本教程展示如何使用 PyTorch Lightning 实现一个图像验证码识别系统,具备清晰结构、易于扩展、便于训练的优点。
1. 安装依赖
pip install pytorch-lightning torch torchvision pillow captcha
2. 生成验证码图片
from captcha.image import ImageCaptcha
import string, random, os
from PIL import Image
characters = string.digits + string.ascii_uppercase
width, height, captcha_length = 160, 60, 4
def generate_captcha(output_dir="pl_captcha", num=5000):
os.makedirs(output_dir, exist_ok=True)
gen = ImageCaptcha(width, height)
for i in range(num):
text = ''.join(random.choices(characters, k=captcha_length))
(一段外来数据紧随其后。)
From Pilot Require Import Defs.
From HB Require Import structures.
From mathcomp Require Import all_boot all_order all_algebra.
From mathcomp Require Import reals.
From mathcomp Require Import finmap monalg.
From mathcomp Require Import ring.

(* In a quadratic module [M] of a commutative algebra over an archimedean real
   closed field, the bounded elements (those [a] with [N +- a] in [M] for some
   integer [N]) contain the scalars and are closed under sums and products, by
   the identities [2K (K^2 - a^2) = (K - a)^2 (K + a) + (K + a)^2 (K - a)] and
   [4ab = (a + b)^2 - (a - b)^2].  So [M] is archimedean as soon as algebra
   generators are bounded.  For qm(S, {}) the generators are the [m_alpha]:
   the moment map sends [f^2 p] into qm(S, {}) for every [p] in QM(S), and
   [N +- x^alpha] lies in QM(S).  For QM(S, {}) the generators are the
   constants of M, bounded by the first part, and the [x_i], bounded because
   QM(S) embeds into QM(S, {}). *)

Set Implicit Arguments.
Unset Strict Implicit.
Unset Printing Implicit Defensive.

Import Order.TTheory GRing.Theory Num.Theory.
Local Open Scope ring_scope.

Section QuadraticModuleGen.
Variables (A : comPzRingType) (G : A -> Prop).

Lemma qmod_gen_qmodule : is_qmodule (qmod_gen G).
Proof.
split=> [M [] //|a b Ga Gb M qmM GM|a b Gb M qmM GM].
  by case: (qmM) => _ MD _; apply: MD; [apply: Ga | apply: Gb].
by case: (qmM) => _ _ MX; apply: MX; apply: Gb.
Qed.

Lemma qmod_gen_sub g : G g -> qmod_gen G g.
Proof. by move=> Gg M _; apply. Qed.

Lemma qmod_gen_min (M : A -> Prop) :
  is_qmodule M -> (forall g, G g -> M g) -> forall a, qmod_gen G a -> M a.
Proof. by move=> qmM GM a; apply. Qed.

End QuadraticModuleGen.

Section QuadraticModuleTheory.
Variables (A : comPzRingType) (M : A -> Prop).
Hypothesis qmM : is_qmodule M.

Lemma qmod1 : M 1. Proof. by case: qmM. Qed.

Lemma qmodD a b : M a -> M b -> M (a + b). Proof. by case: qmM => _ + _; apply. Qed.

Lemma qmodMsqr a b : M b -> M (a ^+ 2 * b). Proof. by case: qmM => _ _; apply. Qed.

Lemma qmod_sqr a : M (a ^+ 2).
Proof. by rewrite -[_ ^+ 2]mulr1; apply: qmodMsqr; apply: qmod1. Qed.

Lemma qmod_nat k : M k%:R.
Proof.
elim: k => [|k IHk]; first by have := qmod_sqr 0; rewrite expr0n.
by rewrite -addn1 natrD; apply: qmodD IHk qmod1.
Qed.

Lemma qmod_natDl k a : M a -> M (k%:R + a).
Proof. by apply: qmodD; apply: qmod_nat. Qed.

Definition qm_bounded (a : A) := exists N : nat, M (N%:R + a) /\ M (N%:R - a).

Lemma qm_bounded_split a :
  (exists N : nat, M (N%:R + a)) -> (exists N : nat, M (N%:R - a)) -> qm_bounded a.
Proof.
move=> [N MNa] [K MKa]; exists (N + K)%N; split.
  by rewrite addnC natrD -addrA; apply: qmod_natDl.
by rewrite natrD -addrA; apply: qmod_natDl.
Qed.

Lemma qm_bounded_nat k : qm_bounded k%:R.
Proof.
apply: qm_bounded_split; first by exists 0%N; rewrite -natrD; apply: qmod_nat.
by exists k; rewrite subrr; apply: (qmod_nat 0).
Qed.

Lemma qm_bounded_add a b : qm_bounded a -> qm_bounded b -> qm_bounded (a + b).
Proof.
move=> [N [MNa MNa']] [K [MKb MKb']]; exists (N + K)%N; rewrite natrD.
by split; [have := qmodD MNa MKb | have := qmodD MNa' MKb']; congr M; ring.
Qed.

Lemma qm_bounded_opp a : qm_bounded a -> qm_bounded (- a).
Proof. by move=> [N [MNa MNa']]; exists N; rewrite opprK. Qed.

Lemma qm_bounded_sum (I : Type) (r : seq I) (F : I -> A) :
  (forall i, qm_bounded (F i)) -> qm_bounded (\sum_(i <- r) F i).
Proof.
move=> bF; elim: r => [|i r IHr]; first by rewrite big_nil; apply: (qm_bounded_nat 0).
by rewrite big_cons; apply: qm_bounded_add.
Qed.

Section RealScalars.
Variables (R : archiRcfType) (phi : {rmorphism R -> A}).

Lemma qmod_rmorph_ge0 c b : 0 <= c -> M b -> M (phi c * b).
Proof.
move=> c_ge0 Mb; rewrite -[c]sqr_sqrtr // rmorphXn.
exact: qmodMsqr.
Qed.

Lemma qmod_divn k b : (0 < k)%N -> M (k%:R * b) -> M b.
Proof.
move=> k_gt0 Mkb; have -> : b = phi k%:R^-1 * (k%:R * b).
  by rewrite mulrA -(rmorph_nat phi) -rmorphM mulVf ?pnatr_eq0 -?lt0n // rmorph1 mul1r.
by apply: qmod_rmorph_ge0; rewrite ?invr_ge0 ?ler0n.
Qed.

Lemma qm_bounded_rmorph c : qm_bounded (phi c).
Proof.
have /andP[c_le c_ge] : - (Num.bound `|c|)%:R <= c <= (Num.bound `|c|)%:R.
  by rewrite -ler_norml ltW // archi_boundP.
apply: qm_bounded_split; exists (Num.bound `|c|).
  rewrite -(rmorph_nat phi) -rmorphD -[phi _]mulr1.
  by apply: qmod_rmorph_ge0; [rewrite addrC -lerBlDr sub0r | apply: qmod1].
rewrite -(rmorph_nat phi) -rmorphB -[phi _]mulr1.
by apply: qmod_rmorph_ge0; [rewrite subr_ge0 | apply: qmod1].
Qed.

Lemma qm_bounded_sqr a : qm_bounded a -> qm_bounded (a ^+ 2).
Proof.
move=> [N [MNa MNa']]; apply: qm_bounded_split.
  by exists 0%N; rewrite add0r; apply: qmod_sqr.
exists (N.+1 * N.+1)%N; apply: (@qmod_divn (N.+1 + N.+1)) => //.
have -> : (N.+1 + N.+1)%:R * ((N.+1 * N.+1)%:R - a ^+ 2) =
    (N.+1%:R - a) ^+ 2 * (N.+1%:R + a) + (N.+1%:R + a) ^+ 2 * (N.+1%:R - a).
  by rewrite natrD natrM; ring.
by apply: qmodD; apply: qmodMsqr; rewrite -addn1 natrD -addrA addrCA;
  apply: qmod_natDl.
Qed.

Lemma qm_bounded_mul a b : qm_bounded a -> qm_bounded b -> qm_bounded (a * b).
Proof.
move=> ba bb; apply: qm_bounded_split.
  have [N [_ MN]] := qm_bounded_sqr (qm_bounded_add ba (qm_bounded_opp bb)).
  exists N; apply: (@qmod_divn 4) => //.
  have -> : 4%:R * (N%:R + a * b) = (a + b) ^+ 2 + (N%:R - (a - b) ^+ 2) + (3 * N)%:R.
    by rewrite natrM; ring.
  by apply: qmodD (qmodD (qmod_sqr _) MN) (qmod_nat _).
have [N [_ MN]] := qm_bounded_sqr (qm_bounded_add ba bb).
exists N; apply: (@qmod_divn 4) => //.
have -> : 4%:R * (N%:R - a * b) = (a - b) ^+ 2 + (N%:R - (a + b) ^+ 2) + (3 * N)%:R.
  by rewrite natrM; ring.
by apply: qmodD (qmodD (qmod_sqr _) MN) (qmod_nat _).
Qed.

End RealScalars.
End QuadraticModuleTheory.

Section QuadraticModuleRmorph.
Variables (A B : comPzRingType) (f : {rmorphism A -> B}) (M' : B -> Prop).

Lemma qmod_gen_rmorph (G : A -> Prop) : is_qmodule M' ->
  (forall g, G g -> M' (f g)) -> forall a, qmod_gen G a -> M' (f a).
Proof.
move=> qmM' GM'; apply: qmod_gen_min => //; split=> [|a b Ma Mb|a b Mb] /=.
- by rewrite rmorph1; apply: qmod1.
- by rewrite rmorphD; apply: qmodD.
- by rewrite rmorphM rmorphXn; apply: qmodMsqr.
Qed.

Lemma qm_bounded_map (M : A -> Prop) a : (forall b, M b -> M' (f b)) ->
  qm_bounded M a -> qm_bounded M' (f a).
Proof.
move=> MM' [N [MNa MNa']]; exists N.
by rewrite -(rmorph_nat f) -rmorphD -rmorphB; split; apply: MM'.
Qed.

End QuadraticModuleRmorph.

Lemma qmodule_moment_preimage (A B C : comPzRingType) (e : {rmorphism A -> B})
    (L : {additive B -> C}) (M : C -> Prop) :
  is_qmodule M -> (forall f, M (L (f ^+ 2 * e 1))) ->
  is_qmodule (fun a => forall f, M (L (f ^+ 2 * e a))).
Proof.
move=> qmM M1; split=> // [a b Ma Mb f|a b Mb f].
  by rewrite rmorphD mulrDr raddfD; apply: qmodD.
by rewrite rmorphM rmorphXn mulrA -exprMn; apply: Mb.
Qed.

Lemma cmonom_ind (I : choiceType) (P : cmonom I -> Prop) :
  P mone -> (forall i m, P m -> P (mmul (ucm i) m)) -> forall m, P m.
Proof.
move=> P1 PM m; have [d] := ubnP (mdeg m); elim: d m => // d IHd m.
rewrite ltnS => le_md_d.
have [m0|[i im]] := fset_0Vmem (finsupp m).
  by rewrite (@mdeg_eq0I _ m) // mdegE m0 big_seq_fset0.
have Em : m = mmul (ucm i) (divcm m (ucm i)).
  apply/eqP/cmP => j; rewrite cmM divcmE cmU.
  by case: eqP => [<-|_]; [rewrite subnKC // lt0n cmE_neq0 | rewrite subn0].
rewrite Em; apply/PM/IHd.
by move: le_md_d; rewrite {1}Em mdegM mdegU.
Qed.

Section MalgMonomials.
Variables (K : monomType) (G : ringType).

Lemma malgU_mulC (c : G) (k : K) : << c *g k >> = c%:MP * << k >>.
Proof. by rewrite malgM_def fgmulUU mulr1 mul1m. Qed.

Lemma malgUM (k1 k2 : K) : << mmul k1 k2 >> = << k1 >> * << k2 >> :> {malg G[K]}.
Proof. by rewrite malgM_def fgmulUU mulr1. Qed.

Definition malgU (k : K) : {malg G[K]} := << k >>.

Lemma malgU_is_mmorphism : mmorphism malgU.
Proof. by split=> // k1 k2; apply: malgUM. Qed.

HB.instance Definition _ := isMultiplicative.Build K {malg G[K]} malgU
  malgU_is_mmorphism.

End MalgMonomials.

Arguments malgU {K G}.

Lemma qm_archimedean_malg (R : archiRcfType) (I : choiceType) (G : comNzRingType)
    (phi : {rmorphism R -> {malg G[cmonom I]}}) (M : {malg G[cmonom I]} -> Prop) :
  is_qmodule M -> (forall c : G, qm_bounded M c%:MP) ->
  (forall i : I, qm_bounded M << ucm i >>) -> qm_archimedean M.
Proof.
move=> qmM bC bU p; rewrite (monalgE p); apply: (qm_bounded_sum qmM) => k.
rewrite malgU_mulC; apply: (qm_bounded_mul qmM phi); first exact: bC.
elim/cmonom_ind: k => [|i k IHk]; first exact: bC.
(* Plain [exact]: ssreflect's [apply:] diverges unifying the ring instances. *)
rewrite malgUM; exact (qm_bounded_mul qmM phi (bU i) IHk).
Qed.

Section Moments.
Variables (R : realType) (n : nat).

Lemma mvar1 : mvar R (@mone (cmonom 'I_n)) = 1.
Proof. by rewrite /mvar insubF //= eqxx. Qed.

Lemma mvar_val (b : midx n) : mvar R (val b) = << ucm b >>.
Proof. by rewrite /mvar valK. Qed.

Lemma mmap_idfunE (p : Mpolyx R n) : Defs.mmap p = monalg.mmap idfun (@mvar R n) p.
Proof. by []. Qed.

HB.instance Definition _ := GRing.isAdditive.Build (Mpolyx R n) (Mring R n)
  (@Defs.mmap R n) (raddfB (monalg.mmap idfun (@mvar R n))).

Lemma emb_xE (p : polyx R n) :
  emb_x p = monalg.mmap (malgC \o malgC : {rmorphism R -> Mpolyx R n}) malgU p.
Proof. by rewrite /emb_x mmapE; apply: eq_bigr => k _; rewrite malgU_mulC. Qed.

Lemma emb_x_is_additive : additive (@emb_x R n).
Proof. by move=> p q; rewrite !emb_xE raddfB. Qed.

Lemma emb_x_is_multiplicative : multiplicative (@emb_x R n).
Proof. by split=> [p q|]; rewrite !emb_xE (rmorphM, rmorph1). Qed.

HB.instance Definition _ := GRing.isAdditive.Build (polyx R n) (Mpolyx R n) (@emb_x R n)
  emb_x_is_additive.
HB.instance Definition _ := GRing.isMultiplicative.Build (polyx R n) (Mpolyx R n)
  (@emb_x R n) emb_x_is_multiplicative.

Lemma emb_xU (k : cmonom 'I_n) : emb_x (<< k >> : polyx R n) = << k >>.
Proof. by rewrite emb_xE mmapU /= !mpolyC1E mul1r. Qed.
img = gen.generate_image(text)
img.save(f"{output_dir}/{text}_{i}.png")
更多内容访问ttocr.com或联系1436423940
generate_captcha()
3. 定义数据集
from torch.utils.data import Dataset
from torchvision import transforms
import torch
class CaptchaDataset(Dataset):
def __init__(self, data_dir):
self.data_dir = data_dir
self.files = [f for f in os.listdir(data_dir) if f.endswith('.png')]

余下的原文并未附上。